Modulation of TLR2 and TLR4 in Macrophages Following Trichinella Spiralis Infection

C Han 1, J Xu 1, CH Liu 1, X Li 1, P Zhai 1, A Hashan 2, M Song 1,*
PMCID: PMC6662015  PMID: 31662647

Summary

Parasitic helminthes can suppress and/or regulate the host immune response to allow long-term survival and chronic infection where toll-like receptors (TLRs) expressed on macrophages play essential roles in response to parasitic infection. Semi-quantitative PCR and flow cytometry studies about the modulation of TLRs and cytokine profiles in macrophages following T. spiralis infection were performed. TLRs, MyD88 and NF-κB were up-regulated by T. spiralis infection and essential to the parasite life cycles. Cytokines profiles (IL-6, IL-10, IL-12, TNF-α) were modulated during T. spiralis infection. Results suggest that T. spiralis infection may regulate the expression of TLR4 on macrophages and TLR4/MyD88/NF-κB signaling pathways. This study provides further insights into the mechanisms of TLR-mediated post-inflammatory response during T. spiralis infection.

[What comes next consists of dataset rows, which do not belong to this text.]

(* Let $(\mathcal H,\Delta,\delta,\mu,\mathbf 1,S,\beta)$ be a braided Hopf algebra and let $K:\mathcal H\otimes\mathcal H\to\mathbb C$ be a $\beta$-invariant linear functional. Put $\widetilde K:=K\circ(S\otimes\mathrm{id})\circ\Delta:\mathcal H\to\mathbb C$. If $K\star\mu=\mu\star K$, then $\widetilde K\star\mathrm{id}=\mathrm{id}\star\widetilde K$, i.e. $(\widetilde K\otimes\mathrm{id})\circ\Delta=(\mathrm{id}\otimes\widetilde K)\circ\Delta$ as maps $\mathcal H\to\mathcal H$.
   Context: Braided vector space $(V,\beta)$: $\beta\in\mathrm{Aut}(V\otimes V)$ satisfying the braid equation $(\beta\otimes\mathrm{id})(\mathrm{id}\otimes\beta)(\beta\otimes\mathrm{id})=(\mathrm{id}\otimes\beta)(\beta\otimes\mathrm{id})(\mathrm{id}\otimes\beta)$. $\beta_{m,n}$: $\beta_{0,0}=\mathrm{id}_{\mathbb C}$, $\beta_{1,0}=\beta_{0,1}=\mathrm{id}_V$, $\beta_{1,m+1}=(\mathrm{id}_V\otimes\beta_{1,m})(\beta\otimes\mathrm{id})$, $\beta_{n+1,m}=(\beta_{n,m}\otimes\mathrm{id}_V)(\mathrm{id}\otimes\beta_{1,m})$. $f:V^{\otimes m}\to V^{\otimes n}$ is $\beta$-invariant if $(f\otimes\mathrm{id})\beta_{1,m}=\beta_{1,n}(\mathrm{id}\otimes f)$, $\beta^{-1}$-invariant if $(\mathrm{id}\otimes f)\beta_{m,1}=\beta_{n,1}(f\otimes\mathrm{id})$, $\beta$-compatible if both; for a functional $K$ on $V\otimes V$, $\beta$-invariance means $(K\otimes\mathrm{id})\circ\beta_{1,2}=\mathrm{id}\otimes K$. A braided bialgebra $(\mathcal H,\Delta,\delta,\mu,\mathbf 1,\beta)$: unital associative algebra and coassociative counital coalgebra with braiding $\beta$ such that $\mu,\mathbf 1,\Delta,\delta$ are $\beta$-compatible, $\Delta\circ\mu=(\mu\otimes\mu)\circ\Lambda$ with $\Lambda:=(\mathrm{id}\otimes\beta\otimes\mathrm{id})(\Delta\otimes\Delta)$, $\Delta(\mathbf 1)=\mathbf 1\otimes\mathbf 1$, $\delta\circ\mu=\delta\otimes\delta$, $\delta(\mathbf 1)=1$. It is a braided Hopf algebra if there is a linear $S:\mathcal H\to\mathcal H$ with $\mu\circ(S\otimes\mathrm{id})\circ\Delta=\mathbf 1\delta=\mu\circ(\mathrm{id}\otimes S)\circ\Delta$. Convolution: $f\star g=m\circ(f\otimes g)\circ\Delta_{\mathrm{coalg}}$; on $\mathcal H\otimes\mathcal H$ the comultiplication is $\Lambda$, so $K\star\mu=(K\otimes\mu)\circ\Lambda$ and $\mu\star K=(\mu\otimes K)\circ\Lambda$ (identifying $\mathbb C\otimes\mathcal H\cong\mathcal H$). *)

From HB Require Import structures.
From mathcomp Require Import all_boot all_algebra.
Set Implicit Arguments. Unset Strict Implicit. Unset Printing Implicit Defensive.
Import GRing.Theory.
Local Open Scope ring_scope.

(* Every vector space over the field R has a basis; we fix the vector space *)
(* H to be the free vector space on an (arbitrary) basis type I.  Then the  *)
(* tensor power H^{(x)k} is the free vector space on k-sequences of I,      *)
(* e_{i1} (x) ... (x) e_{ik}  <->  [:: i1; ...; ik]   (k = 0 gives R).      *)
(* An element of a tensor power is a finite formal linear combination       *)
(* (tens); two of them are equal iff all their coefficients (coef) agree.   *)
(* A linear map H^{(x)m} -> H^{(x)n} is given by its values on the basis    *)
(* tensors (lmap); [typed m n f] says these values lie in H^{(x)n}, and     *)
(* [leqm m f g] is equality of linear maps with domain H^{(x)m}.            *)
Section Tensor.
Variables (R : fieldType) (I : eqType).
Lemma card_crossing_hull_edges :
  (exists2 x, x \in Q & (q x).1 < k0) -> (exists2 x, x \in Q & k0 < (q x).1) ->
  #|[set bc | crossing bc && hull_edge q Q bc.1 bc.2]| = 2%N.
Proof.
move=> [xl xlQ hl] [xu xuQ hu].
have X0 : crossing (xl, xu) by apply/and4P.
have [bl blX blmin] := arg_minP height X0.
have [br brX brmax] := arg_maxP height X0.
have Hl := argmin_crossing_all_left off_line no_collinear blX blmin.
have Hr := argmax_crossing_all_right brX brmax.
have bl_br : bl != br.
  apply: contraTneq Hr => <-; have /set0Pn [x xD] := setD_pair_neq0 bl.1 bl.2.
  by apply/negP => /forall_inP/(_ x xD); rewrite ltNge ltW // (forall_inP Hl x xD).
suff -> : [set bc | crossing bc && hull_edge q Q bc.1 bc.2] = [set bl; br].
  by rewrite cards2 bl_br.
apply/setP => bc; rewrite !inE; apply/andP/orP => [[bcX /orP[] H]|].
- left; apply: contraTT (blmin _ bcX) => ne.
  by rewrite -ltNge (all_left_crossing_below bcX H blX) // eq_sym.
- right; apply: contraTT (brmax _ bcX) => ne.
  by rewrite -ltNge (all_right_crossing_above bcX H brX) // eq_sym.
- by case=> /eqP ->; rewrite /hull_edge ?blX ?brX ?Hl ?Hr ?orbT.
Qed.

End CrossingHullEdges.

Section GeneralPosition.
Variables (R : realFieldType) (n : nat) (p : 'I_n -> point R).
Hypothesis gp : general_position p.
Implicit Types A T : {set 'I_n}.

Lemma gp_inj : injective p. Proof. by case: gp. Qed.

Lemma gp_orient_neq0 i j k : i != j -> i != k -> j != k -> orient (p i) (p j) (p k) != 0.
Proof. by case: gp => _ [ncol _] ij ik jk; apply/eqP/ncol. Qed.

Definition in_circumcircle i j k d :=
  0 < orient (p i) (p j) (p k) * incircle (p i) (p j) (p k) (p d).

Lemma in_circleE i j k d : i != j -> i != k -> j != k ->
  in_circle p [set i; j; k] d <-> in_circumcircle i j k d.
Proof.
move=> ij ik jk; have o0 := gp_orient_neq0 ij ik jk.
have o2 : 0 < orient (p i) (p j) (p k) ^+ 2 by rewrite exprn_even_gt0.
split=> [[o [r [onA od]]]|].
  have [oi oj ok] : [/\ dist2 o (p i) = r, dist2 o (p j) = r & dist2 o (p k) = r].
    by split; apply: onA; rewrite !inE eqxx ?orbT.
  by rewrite /in_circumcircle (incircle_circle _ oi oj ok) mulrCA -expr2 mulr_gt0 ?subr_gt0.
have [oj ok] := circumcenterP o0; set o := circumcenter _ _ _ in oj ok.
rewrite /in_circumcircle (incircle_circle _ (erefl (dist2 o (p i))) oj ok) mulrCA.
rewrite -expr2 pmulr_lgt0 // subr_gt0 => od.
by exists o, (dist2 o (p i)); split=> // x; rewrite !inE -orbA => /or3P [] /eqP ->.
Qed.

Keywords: Trichinella spiralis, Toll-like receptor, Helminth, Immune modulation

Introduction

Trichinellosis is a wide-spread foodborne zoonosis initiated by the ingestion of raw or poorly-cooked meats containing infectious Trichinella spiralis (T. spiralis) larvae. Trichinellosis is considered as a re-emerging disease and it has been reported worldwide. Trichinellosis is not only an important source of public health hazard but also an economic problem in animal production and food safety (Yang et al., 2010; Chen et al., 2012; Li et al., 2012; Yadav et al., 2012; Cui et al., 2013). Infection with T. spiralis represents a great challenge for the host immune response. It is due to parasite life cycle of the parasite which is accomplished in one host. The larvae are released from infective capsule-like cysts and undergo maturation process to reach the adult reproductive stage within the intestine. The newborn larvae released from the adult females disseminate through the host by the circulation. Larvae finally enter the skeletal muscles and develop into infective encysted muscle larvae that are essential for transmission (Kang et al., 2012; Riva et al., 2012). In order to complete the life cycle and survive in the host, T. spiralis influences the development of immune-regulatory mechanisms essential for immune tolerance (Radovic et al., 2015). However, the nature of the relationship between T. spiralis and the host organism, as well as mechanisms and signals that control the immune response, have been understood or investigated not sufficiently.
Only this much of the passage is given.